Exercise details: In the entries below, find the line with "(E g)_n = well-formed" and print exactly every line from there up to and including the line with "a = tdeg a' ->", with no other lines.

Data shown:

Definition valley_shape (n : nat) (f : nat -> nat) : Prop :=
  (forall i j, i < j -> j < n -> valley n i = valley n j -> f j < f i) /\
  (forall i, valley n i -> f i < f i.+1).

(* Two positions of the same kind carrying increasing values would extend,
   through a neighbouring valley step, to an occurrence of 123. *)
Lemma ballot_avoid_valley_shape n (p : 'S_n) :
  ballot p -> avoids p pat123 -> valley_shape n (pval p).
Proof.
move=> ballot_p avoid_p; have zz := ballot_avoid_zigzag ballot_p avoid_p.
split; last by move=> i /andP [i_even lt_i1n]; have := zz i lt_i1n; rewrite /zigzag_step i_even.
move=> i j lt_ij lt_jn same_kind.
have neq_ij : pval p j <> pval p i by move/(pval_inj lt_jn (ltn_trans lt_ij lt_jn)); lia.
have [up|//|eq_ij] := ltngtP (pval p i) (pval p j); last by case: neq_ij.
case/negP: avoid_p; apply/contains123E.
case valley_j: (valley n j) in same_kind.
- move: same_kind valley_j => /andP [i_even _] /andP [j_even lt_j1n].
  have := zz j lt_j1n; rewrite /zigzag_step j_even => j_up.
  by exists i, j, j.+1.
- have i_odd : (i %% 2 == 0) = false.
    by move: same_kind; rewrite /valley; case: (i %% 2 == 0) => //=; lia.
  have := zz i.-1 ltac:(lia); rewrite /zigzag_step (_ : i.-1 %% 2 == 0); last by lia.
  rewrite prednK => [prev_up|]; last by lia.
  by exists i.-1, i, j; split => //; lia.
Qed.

...

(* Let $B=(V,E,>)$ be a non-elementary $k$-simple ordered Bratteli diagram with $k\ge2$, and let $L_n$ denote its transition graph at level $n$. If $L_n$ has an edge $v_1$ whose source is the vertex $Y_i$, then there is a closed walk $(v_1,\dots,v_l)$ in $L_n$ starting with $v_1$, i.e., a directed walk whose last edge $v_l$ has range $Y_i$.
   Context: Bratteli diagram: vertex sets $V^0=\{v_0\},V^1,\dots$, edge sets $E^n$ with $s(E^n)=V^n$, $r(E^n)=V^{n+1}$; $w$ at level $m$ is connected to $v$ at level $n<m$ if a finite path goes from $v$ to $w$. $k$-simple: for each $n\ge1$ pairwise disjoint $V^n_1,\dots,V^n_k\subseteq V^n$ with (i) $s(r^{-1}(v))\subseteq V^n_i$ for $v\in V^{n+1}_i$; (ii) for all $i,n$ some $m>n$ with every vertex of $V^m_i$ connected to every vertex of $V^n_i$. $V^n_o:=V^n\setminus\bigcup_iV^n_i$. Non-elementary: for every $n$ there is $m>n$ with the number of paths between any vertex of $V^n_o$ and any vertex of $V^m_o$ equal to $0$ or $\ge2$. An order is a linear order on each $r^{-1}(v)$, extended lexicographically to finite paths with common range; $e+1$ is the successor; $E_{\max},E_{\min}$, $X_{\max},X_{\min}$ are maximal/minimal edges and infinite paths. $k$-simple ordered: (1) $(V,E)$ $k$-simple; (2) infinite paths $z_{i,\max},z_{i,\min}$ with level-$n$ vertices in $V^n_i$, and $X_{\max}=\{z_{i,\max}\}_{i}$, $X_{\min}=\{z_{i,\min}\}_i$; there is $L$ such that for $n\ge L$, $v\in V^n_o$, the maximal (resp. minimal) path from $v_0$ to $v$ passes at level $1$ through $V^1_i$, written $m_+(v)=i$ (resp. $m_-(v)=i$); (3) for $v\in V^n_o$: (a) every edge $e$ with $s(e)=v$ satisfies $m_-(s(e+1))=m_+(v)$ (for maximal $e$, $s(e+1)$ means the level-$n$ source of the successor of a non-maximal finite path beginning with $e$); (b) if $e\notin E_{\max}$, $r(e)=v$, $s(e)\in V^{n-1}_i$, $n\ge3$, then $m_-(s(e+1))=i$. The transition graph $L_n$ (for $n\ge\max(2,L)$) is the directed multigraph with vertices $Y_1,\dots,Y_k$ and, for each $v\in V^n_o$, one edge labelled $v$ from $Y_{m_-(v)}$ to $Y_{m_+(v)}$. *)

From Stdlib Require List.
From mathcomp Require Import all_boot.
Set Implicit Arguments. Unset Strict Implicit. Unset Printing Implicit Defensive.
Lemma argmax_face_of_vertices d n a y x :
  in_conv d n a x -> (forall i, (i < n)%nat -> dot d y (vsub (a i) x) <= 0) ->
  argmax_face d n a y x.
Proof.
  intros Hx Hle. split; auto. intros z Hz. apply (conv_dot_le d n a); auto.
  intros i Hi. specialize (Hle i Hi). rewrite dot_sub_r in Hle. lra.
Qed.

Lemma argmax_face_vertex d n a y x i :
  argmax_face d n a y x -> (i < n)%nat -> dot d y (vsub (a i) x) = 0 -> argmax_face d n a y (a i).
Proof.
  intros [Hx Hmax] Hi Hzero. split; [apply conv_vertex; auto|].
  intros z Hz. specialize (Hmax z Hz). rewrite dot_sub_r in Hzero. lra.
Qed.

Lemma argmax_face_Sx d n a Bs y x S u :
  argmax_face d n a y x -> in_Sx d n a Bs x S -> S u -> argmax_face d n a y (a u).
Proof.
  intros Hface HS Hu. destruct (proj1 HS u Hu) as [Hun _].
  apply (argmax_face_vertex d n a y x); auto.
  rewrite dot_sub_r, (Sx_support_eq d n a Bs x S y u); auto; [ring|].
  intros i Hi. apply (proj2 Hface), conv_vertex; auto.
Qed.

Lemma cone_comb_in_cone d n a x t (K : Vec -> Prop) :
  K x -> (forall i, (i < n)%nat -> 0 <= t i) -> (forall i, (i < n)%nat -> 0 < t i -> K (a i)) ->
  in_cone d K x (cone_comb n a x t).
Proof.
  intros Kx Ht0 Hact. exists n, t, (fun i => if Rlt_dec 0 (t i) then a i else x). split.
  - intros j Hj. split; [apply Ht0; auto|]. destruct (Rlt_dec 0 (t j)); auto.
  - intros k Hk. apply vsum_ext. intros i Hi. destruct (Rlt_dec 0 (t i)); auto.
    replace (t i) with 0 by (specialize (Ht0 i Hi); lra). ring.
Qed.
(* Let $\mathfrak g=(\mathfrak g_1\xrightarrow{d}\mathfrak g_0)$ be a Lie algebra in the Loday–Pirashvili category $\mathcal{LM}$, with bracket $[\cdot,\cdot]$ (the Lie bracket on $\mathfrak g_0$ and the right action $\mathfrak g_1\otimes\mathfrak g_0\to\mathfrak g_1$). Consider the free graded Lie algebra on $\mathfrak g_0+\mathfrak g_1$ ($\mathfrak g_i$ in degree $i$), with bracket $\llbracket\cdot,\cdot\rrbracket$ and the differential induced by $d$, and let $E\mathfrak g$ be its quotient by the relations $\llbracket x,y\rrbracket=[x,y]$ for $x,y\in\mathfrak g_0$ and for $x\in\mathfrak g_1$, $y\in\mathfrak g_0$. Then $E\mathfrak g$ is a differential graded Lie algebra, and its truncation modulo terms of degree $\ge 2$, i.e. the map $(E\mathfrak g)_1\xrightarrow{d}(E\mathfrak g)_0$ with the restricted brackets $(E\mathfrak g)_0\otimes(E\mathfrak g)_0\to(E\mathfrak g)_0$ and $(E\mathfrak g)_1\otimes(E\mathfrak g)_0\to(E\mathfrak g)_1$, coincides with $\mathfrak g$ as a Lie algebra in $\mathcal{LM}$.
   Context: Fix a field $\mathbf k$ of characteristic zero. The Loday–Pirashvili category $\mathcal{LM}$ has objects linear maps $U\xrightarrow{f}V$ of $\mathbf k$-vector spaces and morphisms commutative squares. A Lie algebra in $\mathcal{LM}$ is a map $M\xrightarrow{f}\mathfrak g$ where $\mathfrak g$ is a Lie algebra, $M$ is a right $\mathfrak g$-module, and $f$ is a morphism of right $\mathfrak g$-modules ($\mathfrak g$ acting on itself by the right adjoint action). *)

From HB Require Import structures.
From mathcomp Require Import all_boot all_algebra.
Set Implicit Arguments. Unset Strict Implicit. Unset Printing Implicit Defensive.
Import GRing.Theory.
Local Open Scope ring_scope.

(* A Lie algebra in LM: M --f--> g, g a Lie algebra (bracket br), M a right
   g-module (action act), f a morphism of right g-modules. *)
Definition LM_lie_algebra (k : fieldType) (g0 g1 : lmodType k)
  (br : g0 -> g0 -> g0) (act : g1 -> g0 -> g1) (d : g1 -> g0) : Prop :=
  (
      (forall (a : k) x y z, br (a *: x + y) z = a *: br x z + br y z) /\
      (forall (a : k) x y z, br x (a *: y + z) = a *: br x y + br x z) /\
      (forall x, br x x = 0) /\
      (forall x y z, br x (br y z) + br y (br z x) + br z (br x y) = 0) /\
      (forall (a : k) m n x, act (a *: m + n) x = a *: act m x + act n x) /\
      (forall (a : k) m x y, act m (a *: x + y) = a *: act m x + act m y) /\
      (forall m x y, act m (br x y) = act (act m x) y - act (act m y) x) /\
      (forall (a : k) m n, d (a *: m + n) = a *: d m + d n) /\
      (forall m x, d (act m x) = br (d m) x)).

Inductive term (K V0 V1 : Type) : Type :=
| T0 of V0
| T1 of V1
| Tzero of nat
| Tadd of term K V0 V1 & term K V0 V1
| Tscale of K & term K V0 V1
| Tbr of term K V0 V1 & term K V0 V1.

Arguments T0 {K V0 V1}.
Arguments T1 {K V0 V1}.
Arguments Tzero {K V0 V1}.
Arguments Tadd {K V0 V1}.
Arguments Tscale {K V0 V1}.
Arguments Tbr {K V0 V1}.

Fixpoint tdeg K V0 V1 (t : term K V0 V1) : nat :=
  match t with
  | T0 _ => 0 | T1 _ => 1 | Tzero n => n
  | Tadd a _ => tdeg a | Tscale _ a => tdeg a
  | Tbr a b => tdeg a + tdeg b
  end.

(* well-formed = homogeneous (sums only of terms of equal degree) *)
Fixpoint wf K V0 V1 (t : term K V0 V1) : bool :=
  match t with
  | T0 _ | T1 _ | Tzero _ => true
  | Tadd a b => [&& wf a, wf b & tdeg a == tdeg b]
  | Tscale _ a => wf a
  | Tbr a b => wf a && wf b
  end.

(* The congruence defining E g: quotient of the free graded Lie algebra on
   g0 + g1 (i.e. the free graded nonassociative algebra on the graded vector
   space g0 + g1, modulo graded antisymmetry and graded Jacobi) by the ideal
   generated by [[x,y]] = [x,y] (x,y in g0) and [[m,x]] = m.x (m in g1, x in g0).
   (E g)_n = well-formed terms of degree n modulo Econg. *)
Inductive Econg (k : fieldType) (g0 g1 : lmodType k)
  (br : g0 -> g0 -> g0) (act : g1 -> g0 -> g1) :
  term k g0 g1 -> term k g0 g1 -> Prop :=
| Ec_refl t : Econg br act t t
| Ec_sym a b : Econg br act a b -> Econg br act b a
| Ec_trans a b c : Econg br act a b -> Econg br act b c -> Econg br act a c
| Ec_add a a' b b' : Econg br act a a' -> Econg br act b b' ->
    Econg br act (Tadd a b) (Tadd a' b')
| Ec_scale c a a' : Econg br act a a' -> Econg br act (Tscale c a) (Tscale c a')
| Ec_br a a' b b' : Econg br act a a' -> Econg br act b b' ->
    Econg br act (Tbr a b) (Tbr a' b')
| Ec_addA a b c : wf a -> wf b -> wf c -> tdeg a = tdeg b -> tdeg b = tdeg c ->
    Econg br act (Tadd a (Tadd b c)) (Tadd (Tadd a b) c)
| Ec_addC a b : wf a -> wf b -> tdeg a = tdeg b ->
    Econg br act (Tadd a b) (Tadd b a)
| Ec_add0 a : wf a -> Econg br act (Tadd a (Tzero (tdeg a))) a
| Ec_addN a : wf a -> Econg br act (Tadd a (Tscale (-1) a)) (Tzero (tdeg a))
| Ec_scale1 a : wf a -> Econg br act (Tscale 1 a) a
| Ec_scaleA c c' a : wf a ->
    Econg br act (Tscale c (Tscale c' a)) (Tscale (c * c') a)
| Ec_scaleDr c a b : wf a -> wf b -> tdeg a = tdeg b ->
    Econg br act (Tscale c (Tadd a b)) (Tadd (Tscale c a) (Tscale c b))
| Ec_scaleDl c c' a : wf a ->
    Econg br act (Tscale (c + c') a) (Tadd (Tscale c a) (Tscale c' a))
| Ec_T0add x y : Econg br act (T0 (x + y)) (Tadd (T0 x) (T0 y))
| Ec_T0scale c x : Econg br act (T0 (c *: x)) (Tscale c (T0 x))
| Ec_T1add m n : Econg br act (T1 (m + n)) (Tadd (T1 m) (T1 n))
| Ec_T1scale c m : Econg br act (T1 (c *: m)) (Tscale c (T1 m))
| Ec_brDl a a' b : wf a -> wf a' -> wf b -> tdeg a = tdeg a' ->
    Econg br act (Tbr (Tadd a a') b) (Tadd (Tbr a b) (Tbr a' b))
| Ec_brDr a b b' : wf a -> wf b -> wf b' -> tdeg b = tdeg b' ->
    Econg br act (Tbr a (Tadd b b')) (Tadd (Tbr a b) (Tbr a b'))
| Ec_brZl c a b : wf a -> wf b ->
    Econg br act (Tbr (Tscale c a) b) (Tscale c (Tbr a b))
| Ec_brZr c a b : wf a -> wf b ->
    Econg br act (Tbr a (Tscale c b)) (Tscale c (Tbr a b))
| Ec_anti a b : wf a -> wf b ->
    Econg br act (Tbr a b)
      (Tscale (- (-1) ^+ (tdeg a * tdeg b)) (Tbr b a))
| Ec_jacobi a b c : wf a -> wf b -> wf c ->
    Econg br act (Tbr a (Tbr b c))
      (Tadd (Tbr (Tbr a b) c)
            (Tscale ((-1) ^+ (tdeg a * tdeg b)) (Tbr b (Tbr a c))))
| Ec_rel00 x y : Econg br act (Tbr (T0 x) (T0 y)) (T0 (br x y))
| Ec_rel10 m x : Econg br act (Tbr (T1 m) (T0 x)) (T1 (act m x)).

* * *

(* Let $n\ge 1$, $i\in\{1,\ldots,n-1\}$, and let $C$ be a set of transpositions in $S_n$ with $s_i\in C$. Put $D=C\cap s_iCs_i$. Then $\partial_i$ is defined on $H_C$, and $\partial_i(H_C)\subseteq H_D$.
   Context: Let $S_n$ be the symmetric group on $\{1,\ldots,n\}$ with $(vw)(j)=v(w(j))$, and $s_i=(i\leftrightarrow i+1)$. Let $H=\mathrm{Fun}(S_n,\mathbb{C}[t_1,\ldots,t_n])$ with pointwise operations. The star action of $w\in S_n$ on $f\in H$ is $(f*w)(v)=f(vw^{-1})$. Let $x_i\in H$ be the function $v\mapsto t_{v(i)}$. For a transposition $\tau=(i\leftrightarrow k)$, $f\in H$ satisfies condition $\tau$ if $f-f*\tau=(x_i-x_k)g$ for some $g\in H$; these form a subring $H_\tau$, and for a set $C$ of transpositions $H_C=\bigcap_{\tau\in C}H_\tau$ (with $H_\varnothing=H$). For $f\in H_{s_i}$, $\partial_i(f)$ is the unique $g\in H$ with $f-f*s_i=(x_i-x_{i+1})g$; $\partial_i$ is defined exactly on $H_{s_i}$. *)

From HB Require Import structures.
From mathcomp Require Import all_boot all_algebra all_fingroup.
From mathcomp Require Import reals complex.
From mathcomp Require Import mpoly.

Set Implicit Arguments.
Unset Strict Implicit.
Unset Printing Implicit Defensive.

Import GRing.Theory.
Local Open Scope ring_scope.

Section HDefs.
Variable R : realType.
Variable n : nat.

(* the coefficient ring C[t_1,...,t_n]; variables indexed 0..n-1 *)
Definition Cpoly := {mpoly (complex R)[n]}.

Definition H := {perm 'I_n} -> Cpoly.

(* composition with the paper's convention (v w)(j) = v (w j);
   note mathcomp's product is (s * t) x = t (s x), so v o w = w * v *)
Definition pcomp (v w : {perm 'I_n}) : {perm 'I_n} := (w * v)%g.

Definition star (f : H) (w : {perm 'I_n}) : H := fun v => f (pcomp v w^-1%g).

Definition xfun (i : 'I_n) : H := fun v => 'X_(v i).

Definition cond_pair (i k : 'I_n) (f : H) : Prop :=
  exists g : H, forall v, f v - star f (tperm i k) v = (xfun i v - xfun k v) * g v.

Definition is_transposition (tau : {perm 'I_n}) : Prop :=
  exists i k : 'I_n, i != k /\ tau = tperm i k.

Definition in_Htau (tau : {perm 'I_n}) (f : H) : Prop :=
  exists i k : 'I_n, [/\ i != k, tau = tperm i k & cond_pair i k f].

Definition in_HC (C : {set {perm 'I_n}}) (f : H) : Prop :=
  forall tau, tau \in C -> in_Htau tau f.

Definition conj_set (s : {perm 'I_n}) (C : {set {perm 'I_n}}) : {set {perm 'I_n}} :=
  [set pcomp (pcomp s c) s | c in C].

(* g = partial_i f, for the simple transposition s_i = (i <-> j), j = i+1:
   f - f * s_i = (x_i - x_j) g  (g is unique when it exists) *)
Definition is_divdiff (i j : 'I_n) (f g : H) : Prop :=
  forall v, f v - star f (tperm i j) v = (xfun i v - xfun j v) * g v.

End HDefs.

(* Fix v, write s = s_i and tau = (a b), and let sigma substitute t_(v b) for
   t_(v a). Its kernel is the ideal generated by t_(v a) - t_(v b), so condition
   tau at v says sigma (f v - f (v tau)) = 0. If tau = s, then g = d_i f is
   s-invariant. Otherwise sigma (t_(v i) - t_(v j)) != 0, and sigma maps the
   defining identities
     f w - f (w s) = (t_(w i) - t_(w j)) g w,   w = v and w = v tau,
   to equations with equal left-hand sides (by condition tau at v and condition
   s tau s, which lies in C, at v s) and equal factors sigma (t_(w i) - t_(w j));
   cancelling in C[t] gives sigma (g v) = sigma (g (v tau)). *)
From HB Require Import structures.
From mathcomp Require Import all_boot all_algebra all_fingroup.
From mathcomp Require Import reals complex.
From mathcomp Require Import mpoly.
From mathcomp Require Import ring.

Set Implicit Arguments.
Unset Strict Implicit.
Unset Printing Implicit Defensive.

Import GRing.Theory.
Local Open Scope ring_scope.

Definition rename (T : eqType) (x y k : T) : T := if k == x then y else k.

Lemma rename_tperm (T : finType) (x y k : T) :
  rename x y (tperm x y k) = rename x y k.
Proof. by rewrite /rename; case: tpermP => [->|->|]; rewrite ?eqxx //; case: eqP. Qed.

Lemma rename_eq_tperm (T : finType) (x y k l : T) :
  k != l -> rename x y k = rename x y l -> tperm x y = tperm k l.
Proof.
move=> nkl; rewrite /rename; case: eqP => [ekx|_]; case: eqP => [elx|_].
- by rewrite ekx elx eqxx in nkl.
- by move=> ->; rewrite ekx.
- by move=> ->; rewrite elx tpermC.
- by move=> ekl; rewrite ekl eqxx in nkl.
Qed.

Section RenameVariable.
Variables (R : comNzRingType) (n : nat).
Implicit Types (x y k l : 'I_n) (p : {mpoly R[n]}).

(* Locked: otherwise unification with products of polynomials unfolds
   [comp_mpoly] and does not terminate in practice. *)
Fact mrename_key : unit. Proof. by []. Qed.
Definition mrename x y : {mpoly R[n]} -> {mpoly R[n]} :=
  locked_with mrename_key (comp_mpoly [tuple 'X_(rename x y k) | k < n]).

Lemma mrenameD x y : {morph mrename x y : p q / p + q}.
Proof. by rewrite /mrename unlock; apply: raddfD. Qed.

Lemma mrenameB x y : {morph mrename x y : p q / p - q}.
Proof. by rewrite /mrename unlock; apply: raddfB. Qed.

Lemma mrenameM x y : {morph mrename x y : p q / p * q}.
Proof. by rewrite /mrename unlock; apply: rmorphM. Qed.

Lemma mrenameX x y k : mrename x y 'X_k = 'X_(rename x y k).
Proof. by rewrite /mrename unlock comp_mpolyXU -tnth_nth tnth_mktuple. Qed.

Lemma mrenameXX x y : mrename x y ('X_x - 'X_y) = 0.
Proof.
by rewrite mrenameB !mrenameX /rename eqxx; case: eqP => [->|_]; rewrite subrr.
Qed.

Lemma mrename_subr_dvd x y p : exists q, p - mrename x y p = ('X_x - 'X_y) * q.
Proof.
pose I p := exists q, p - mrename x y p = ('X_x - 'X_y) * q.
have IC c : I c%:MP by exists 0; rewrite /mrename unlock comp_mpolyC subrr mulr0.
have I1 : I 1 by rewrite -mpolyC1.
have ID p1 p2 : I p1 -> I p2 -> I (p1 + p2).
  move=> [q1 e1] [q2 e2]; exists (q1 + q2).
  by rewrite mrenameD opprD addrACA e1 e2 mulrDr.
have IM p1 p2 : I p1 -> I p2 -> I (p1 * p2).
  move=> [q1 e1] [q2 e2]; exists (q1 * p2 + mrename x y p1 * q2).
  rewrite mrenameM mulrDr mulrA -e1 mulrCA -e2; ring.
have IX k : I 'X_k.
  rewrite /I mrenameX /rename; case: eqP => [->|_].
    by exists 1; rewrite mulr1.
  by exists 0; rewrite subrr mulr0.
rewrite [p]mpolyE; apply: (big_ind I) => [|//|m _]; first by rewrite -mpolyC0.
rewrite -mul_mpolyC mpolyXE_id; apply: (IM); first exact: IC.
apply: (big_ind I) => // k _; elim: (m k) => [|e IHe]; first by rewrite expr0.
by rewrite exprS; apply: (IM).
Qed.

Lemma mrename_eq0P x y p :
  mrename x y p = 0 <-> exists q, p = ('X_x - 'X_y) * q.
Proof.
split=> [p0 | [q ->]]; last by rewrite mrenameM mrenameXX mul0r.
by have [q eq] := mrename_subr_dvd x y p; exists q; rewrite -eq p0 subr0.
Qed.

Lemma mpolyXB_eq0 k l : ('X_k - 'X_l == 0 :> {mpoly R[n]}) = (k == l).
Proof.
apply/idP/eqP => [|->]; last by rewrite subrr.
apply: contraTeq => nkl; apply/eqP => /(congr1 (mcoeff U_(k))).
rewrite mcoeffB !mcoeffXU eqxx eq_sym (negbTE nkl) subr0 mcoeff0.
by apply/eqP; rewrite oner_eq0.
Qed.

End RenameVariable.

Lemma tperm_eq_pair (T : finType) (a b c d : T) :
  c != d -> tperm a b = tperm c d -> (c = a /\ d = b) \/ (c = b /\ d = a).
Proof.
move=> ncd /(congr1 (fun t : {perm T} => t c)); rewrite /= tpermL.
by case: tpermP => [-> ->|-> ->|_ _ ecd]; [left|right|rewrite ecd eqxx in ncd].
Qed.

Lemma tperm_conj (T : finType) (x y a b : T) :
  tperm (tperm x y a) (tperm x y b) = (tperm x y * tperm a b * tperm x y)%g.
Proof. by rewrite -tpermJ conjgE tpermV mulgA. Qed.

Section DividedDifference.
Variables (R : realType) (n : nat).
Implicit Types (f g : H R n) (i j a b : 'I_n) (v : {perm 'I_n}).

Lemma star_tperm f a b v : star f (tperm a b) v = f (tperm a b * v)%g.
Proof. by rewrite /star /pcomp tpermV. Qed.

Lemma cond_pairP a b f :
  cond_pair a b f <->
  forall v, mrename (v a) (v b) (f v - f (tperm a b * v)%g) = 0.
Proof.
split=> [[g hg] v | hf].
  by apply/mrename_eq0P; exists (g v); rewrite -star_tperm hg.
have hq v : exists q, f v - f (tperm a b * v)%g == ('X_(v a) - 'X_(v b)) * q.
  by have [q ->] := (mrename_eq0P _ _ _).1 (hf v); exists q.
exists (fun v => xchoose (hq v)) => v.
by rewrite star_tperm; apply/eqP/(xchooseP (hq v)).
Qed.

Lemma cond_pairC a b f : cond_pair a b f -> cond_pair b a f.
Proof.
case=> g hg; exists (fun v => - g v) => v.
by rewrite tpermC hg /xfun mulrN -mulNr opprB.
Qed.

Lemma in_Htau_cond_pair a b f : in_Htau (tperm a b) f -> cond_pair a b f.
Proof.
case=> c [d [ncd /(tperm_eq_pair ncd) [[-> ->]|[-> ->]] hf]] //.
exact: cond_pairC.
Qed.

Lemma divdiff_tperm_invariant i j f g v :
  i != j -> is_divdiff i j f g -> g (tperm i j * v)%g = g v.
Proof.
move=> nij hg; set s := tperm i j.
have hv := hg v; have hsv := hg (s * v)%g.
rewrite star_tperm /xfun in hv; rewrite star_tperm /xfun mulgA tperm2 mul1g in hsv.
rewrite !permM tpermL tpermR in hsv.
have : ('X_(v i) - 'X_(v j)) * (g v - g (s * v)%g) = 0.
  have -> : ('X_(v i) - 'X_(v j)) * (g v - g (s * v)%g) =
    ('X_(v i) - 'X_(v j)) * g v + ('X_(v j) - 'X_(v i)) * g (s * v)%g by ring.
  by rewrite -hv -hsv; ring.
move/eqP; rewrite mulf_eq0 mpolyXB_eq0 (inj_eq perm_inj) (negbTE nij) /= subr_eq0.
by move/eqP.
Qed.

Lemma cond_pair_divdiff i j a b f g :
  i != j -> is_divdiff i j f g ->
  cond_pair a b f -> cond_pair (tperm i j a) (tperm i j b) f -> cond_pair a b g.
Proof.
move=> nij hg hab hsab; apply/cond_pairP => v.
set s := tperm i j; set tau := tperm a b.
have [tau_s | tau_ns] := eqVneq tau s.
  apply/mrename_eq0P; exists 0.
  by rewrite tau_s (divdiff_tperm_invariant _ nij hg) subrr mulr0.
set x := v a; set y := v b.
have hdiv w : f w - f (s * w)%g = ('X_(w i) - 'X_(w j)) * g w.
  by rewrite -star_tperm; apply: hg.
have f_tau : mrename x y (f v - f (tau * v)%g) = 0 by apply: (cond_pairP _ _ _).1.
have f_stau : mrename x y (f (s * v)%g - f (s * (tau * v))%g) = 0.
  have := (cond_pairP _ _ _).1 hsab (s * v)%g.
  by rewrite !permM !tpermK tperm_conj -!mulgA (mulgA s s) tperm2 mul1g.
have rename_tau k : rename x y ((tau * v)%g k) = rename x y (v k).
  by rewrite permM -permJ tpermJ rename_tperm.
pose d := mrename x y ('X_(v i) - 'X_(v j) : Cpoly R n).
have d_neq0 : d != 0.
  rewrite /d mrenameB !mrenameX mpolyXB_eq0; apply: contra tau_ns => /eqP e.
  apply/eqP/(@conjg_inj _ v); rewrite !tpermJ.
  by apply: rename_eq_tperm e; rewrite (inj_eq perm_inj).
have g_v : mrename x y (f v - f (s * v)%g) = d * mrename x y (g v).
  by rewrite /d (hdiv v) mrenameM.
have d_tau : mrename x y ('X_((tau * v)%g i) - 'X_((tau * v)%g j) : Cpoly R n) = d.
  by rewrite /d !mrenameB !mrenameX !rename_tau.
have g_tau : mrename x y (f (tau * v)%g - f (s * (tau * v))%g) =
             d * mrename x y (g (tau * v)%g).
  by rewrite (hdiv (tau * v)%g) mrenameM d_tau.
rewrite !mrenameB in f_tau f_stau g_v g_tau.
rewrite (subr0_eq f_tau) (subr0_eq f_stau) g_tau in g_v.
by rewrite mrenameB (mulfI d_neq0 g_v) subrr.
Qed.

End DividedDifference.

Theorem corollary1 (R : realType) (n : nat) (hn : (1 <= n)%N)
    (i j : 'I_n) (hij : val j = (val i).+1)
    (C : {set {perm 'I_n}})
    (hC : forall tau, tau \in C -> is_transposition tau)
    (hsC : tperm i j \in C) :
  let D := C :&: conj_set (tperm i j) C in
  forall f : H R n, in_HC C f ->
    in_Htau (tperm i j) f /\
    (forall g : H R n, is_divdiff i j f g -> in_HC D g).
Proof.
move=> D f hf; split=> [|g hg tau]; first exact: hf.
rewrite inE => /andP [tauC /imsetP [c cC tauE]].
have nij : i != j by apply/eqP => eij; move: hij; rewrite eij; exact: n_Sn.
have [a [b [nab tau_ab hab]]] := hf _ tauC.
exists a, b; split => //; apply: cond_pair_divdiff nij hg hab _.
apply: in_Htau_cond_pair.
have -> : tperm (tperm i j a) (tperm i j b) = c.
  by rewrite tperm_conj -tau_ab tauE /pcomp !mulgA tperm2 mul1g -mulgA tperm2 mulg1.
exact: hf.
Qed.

Task output:
   (E g)_n = well-formed terms of degree n modulo Econg. *)
Inductive Econg (k : fieldType) (g0 g1 : lmodType k)
  (br : g0 -> g0 -> g0) (act : g1 -> g0 -> g1) :
  term k g0 g1 -> term k g0 g1 -> Prop :=
| Ec_refl t : Econg br act t t
| Ec_sym a b : Econg br act a b -> Econg br act b a
| Ec_trans a b c : Econg br act a b -> Econg br act b c -> Econg br act a c
| Ec_add a a' b b' : Econg br act a a' -> Econg br act b b' ->
    Econg br act (Tadd a b) (Tadd a' b')
| Ec_scale c a a' : Econg br act a a' -> Econg br act (Tscale c a) (Tscale c a')
| Ec_br a a' b b' : Econg br act a a' -> Econg br act b b' ->
    Econg br act (Tbr a b) (Tbr a' b')
| Ec_addA a b c : wf a -> wf b -> wf c -> tdeg a = tdeg b -> tdeg b = tdeg c ->
    Econg br act (Tadd a (Tadd b c)) (Tadd (Tadd a b) c)
| Ec_addC a b : wf a -> wf b -> tdeg a = tdeg b ->
    Econg br act (Tadd a b) (Tadd b a)
| Ec_add0 a : wf a -> Econg br act (Tadd a (Tzero (tdeg a))) a
| Ec_addN a : wf a -> Econg br act (Tadd a (Tscale (-1) a)) (Tzero (tdeg a))
| Ec_scale1 a : wf a -> Econg br act (Tscale 1 a) a
| Ec_scaleA c c' a : wf a ->
    Econg br act (Tscale c (Tscale c' a)) (Tscale (c * c') a)
| Ec_scaleDr c a b : wf a -> wf b -> tdeg a = tdeg b ->
    Econg br act (Tscale c (Tadd a b)) (Tadd (Tscale c a) (Tscale c b))
| Ec_scaleDl c c' a : wf a ->
    Econg br act (Tscale (c + c') a) (Tadd (Tscale c a) (Tscale c' a))
| Ec_T0add x y : Econg br act (T0 (x + y)) (Tadd (T0 x) (T0 y))
| Ec_T0scale c x : Econg br act (T0 (c *: x)) (Tscale c (T0 x))
| Ec_T1add m n : Econg br act (T1 (m + n)) (Tadd (T1 m) (T1 n))
| Ec_T1scale c m : Econg br act (T1 (c *: m)) (Tscale c (T1 m))
| Ec_brDl a a' b : wf a -> wf a' -> wf b -> tdeg a = tdeg a' ->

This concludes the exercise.